◆ Records shown ◆
++++++++++++++++++++

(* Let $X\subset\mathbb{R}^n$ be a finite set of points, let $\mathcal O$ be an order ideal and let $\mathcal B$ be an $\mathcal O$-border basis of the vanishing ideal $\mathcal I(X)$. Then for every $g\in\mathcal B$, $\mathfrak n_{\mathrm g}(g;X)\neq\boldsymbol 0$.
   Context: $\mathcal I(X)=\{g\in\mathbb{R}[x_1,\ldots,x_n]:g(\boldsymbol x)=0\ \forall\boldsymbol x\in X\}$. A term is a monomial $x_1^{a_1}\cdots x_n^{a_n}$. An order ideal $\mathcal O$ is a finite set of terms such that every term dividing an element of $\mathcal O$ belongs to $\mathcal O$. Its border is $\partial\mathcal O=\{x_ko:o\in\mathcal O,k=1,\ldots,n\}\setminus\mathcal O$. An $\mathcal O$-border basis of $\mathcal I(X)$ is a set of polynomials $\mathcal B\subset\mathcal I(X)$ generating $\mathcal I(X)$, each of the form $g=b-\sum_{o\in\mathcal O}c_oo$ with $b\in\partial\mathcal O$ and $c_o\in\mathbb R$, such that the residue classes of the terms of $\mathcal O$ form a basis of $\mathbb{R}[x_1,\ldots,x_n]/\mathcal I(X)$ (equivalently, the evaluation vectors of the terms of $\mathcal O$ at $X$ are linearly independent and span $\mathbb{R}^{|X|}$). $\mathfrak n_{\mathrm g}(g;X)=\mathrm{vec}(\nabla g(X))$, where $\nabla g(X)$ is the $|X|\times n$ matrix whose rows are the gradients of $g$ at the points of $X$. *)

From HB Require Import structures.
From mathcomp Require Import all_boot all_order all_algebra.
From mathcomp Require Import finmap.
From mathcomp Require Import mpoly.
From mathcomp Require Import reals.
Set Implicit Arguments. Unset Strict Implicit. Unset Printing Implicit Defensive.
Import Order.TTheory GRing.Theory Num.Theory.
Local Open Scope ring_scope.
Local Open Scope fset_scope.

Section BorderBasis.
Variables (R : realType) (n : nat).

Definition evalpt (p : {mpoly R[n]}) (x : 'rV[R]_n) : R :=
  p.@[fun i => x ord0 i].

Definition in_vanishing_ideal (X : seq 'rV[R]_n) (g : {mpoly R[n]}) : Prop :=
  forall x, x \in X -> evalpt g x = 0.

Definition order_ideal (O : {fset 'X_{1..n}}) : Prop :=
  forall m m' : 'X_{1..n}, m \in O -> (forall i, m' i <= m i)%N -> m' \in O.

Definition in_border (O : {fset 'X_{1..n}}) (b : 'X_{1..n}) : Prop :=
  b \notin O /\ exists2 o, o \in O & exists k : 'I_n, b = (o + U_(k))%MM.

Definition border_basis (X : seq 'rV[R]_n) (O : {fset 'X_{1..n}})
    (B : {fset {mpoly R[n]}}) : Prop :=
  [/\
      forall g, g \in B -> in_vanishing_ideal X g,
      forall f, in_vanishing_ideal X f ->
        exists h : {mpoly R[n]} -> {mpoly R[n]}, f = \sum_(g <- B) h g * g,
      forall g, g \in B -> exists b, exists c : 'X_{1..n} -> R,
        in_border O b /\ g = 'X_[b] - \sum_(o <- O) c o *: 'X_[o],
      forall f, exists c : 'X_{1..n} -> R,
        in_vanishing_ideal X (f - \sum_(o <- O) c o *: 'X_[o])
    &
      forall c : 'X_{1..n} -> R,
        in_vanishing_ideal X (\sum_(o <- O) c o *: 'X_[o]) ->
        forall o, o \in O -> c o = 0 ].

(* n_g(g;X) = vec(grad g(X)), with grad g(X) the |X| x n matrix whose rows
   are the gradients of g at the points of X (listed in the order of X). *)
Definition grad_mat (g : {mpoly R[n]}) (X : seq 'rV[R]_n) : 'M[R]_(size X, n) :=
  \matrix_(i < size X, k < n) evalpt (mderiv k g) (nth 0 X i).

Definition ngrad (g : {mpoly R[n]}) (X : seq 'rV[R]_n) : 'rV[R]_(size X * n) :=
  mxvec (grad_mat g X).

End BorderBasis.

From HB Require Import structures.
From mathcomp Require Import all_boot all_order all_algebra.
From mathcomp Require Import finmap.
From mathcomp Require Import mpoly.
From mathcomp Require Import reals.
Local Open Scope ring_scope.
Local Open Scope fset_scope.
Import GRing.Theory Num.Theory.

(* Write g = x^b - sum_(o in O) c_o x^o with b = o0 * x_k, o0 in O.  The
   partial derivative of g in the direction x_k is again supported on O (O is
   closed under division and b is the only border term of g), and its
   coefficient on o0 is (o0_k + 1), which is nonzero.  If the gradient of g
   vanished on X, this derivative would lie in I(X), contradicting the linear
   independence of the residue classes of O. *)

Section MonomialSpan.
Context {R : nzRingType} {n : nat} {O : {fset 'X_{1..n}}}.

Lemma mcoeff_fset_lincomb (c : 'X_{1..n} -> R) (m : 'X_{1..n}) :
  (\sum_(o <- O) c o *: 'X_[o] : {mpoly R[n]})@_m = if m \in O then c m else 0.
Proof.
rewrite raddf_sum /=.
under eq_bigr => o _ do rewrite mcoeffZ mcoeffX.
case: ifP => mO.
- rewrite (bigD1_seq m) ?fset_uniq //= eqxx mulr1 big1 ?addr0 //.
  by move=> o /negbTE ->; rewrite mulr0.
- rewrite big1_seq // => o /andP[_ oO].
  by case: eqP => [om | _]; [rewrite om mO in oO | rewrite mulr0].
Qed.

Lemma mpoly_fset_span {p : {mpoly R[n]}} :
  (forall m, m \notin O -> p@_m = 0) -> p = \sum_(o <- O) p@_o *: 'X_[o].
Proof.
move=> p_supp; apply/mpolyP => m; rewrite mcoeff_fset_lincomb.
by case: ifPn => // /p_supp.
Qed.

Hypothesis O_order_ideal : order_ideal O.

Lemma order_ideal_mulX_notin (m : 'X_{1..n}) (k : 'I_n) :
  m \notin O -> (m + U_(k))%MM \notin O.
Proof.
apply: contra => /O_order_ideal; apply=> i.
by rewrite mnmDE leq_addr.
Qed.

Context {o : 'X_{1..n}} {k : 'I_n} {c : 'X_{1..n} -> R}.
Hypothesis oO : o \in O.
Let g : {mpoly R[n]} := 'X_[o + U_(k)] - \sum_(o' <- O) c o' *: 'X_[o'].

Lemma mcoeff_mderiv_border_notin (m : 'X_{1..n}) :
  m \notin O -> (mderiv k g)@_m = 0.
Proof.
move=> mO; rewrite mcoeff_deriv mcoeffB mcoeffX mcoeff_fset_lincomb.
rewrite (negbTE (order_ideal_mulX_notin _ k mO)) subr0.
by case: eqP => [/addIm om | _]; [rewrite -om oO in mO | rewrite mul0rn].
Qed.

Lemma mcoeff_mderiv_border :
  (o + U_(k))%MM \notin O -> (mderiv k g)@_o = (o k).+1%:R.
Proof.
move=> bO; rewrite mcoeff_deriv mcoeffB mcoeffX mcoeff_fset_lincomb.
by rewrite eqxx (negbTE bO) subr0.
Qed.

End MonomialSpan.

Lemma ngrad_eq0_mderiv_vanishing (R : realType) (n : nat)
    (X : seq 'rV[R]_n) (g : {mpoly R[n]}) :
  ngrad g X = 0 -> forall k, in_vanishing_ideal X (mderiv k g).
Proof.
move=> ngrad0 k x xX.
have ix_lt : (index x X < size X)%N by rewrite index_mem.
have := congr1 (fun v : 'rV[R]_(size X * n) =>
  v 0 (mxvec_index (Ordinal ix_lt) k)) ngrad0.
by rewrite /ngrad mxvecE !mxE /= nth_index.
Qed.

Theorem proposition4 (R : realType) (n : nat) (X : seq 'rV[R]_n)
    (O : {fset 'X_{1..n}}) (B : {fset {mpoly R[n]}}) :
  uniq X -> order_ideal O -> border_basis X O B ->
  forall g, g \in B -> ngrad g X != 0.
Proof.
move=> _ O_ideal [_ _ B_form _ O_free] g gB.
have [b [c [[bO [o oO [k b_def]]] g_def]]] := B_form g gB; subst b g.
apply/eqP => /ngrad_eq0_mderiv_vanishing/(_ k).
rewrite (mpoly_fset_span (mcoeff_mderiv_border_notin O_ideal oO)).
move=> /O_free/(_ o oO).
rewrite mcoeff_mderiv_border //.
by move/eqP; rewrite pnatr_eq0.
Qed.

++++++++++++++++++++

◆ Task directions ◆
Output the lines above exactly, but only those between the line holding "in_vanishing_ideal X (\sum_(o" and the line holding "move=> p_supp; apply/mpolyP", inclusive.

◆ Solution for this problem ◆
        in_vanishing_ideal X (\sum_(o <- O) c o *: 'X_[o]) ->
        forall o, o \in O -> c o = 0 ].

(* n_g(g;X) = vec(grad g(X)), with grad g(X) the |X| x n matrix whose rows
   are the gradients of g at the points of X (listed in the order of X). *)
Definition grad_mat (g : {mpoly R[n]}) (X : seq 'rV[R]_n) : 'M[R]_(size X, n) :=
  \matrix_(i < size X, k < n) evalpt (mderiv k g) (nth 0 X i).

Definition ngrad (g : {mpoly R[n]}) (X : seq 'rV[R]_n) : 'rV[R]_(size X * n) :=
  mxvec (grad_mat g X).

End BorderBasis.

From HB Require Import structures.
From mathcomp Require Import all_boot all_order all_algebra.
From mathcomp Require Import finmap.
From mathcomp Require Import mpoly.
From mathcomp Require Import reals.
Local Open Scope ring_scope.
Local Open Scope fset_scope.
Import GRing.Theory Num.Theory.

(* Write g = x^b - sum_(o in O) c_o x^o with b = o0 * x_k, o0 in O.  The
   partial derivative of g in the direction x_k is again supported on O (O is
   closed under division and b is the only border term of g), and its
   coefficient on o0 is (o0_k + 1), which is nonzero.  If the gradient of g
   vanished on X, this derivative would lie in I(X), contradicting the linear
   independence of the residue classes of O. *)

Section MonomialSpan.
Context {R : nzRingType} {n : nat} {O : {fset 'X_{1..n}}}.

Lemma mcoeff_fset_lincomb (c : 'X_{1..n} -> R) (m : 'X_{1..n}) :
  (\sum_(o <- O) c o *: 'X_[o] : {mpoly R[n]})@_m = if m \in O then c m else 0.
Proof.
rewrite raddf_sum /=.
under eq_bigr => o _ do rewrite mcoeffZ mcoeffX.
case: ifP => mO.
- rewrite (bigD1_seq m) ?fset_uniq //= eqxx mulr1 big1 ?addr0 //.
  by move=> o /negbTE ->; rewrite mulr0.
- rewrite big1_seq // => o /andP[_ oO].
  by case: eqP => [om | _]; [rewrite om mO in oO | rewrite mulr0].
Qed.

Lemma mpoly_fset_span {p : {mpoly R[n]}} :
  (forall m, m \notin O -> p@_m = 0) -> p = \sum_(o <- O) p@_o *: 'X_[o].
Proof.
move=> p_supp; apply/mpolyP => m; rewrite mcoeff_fset_lincomb.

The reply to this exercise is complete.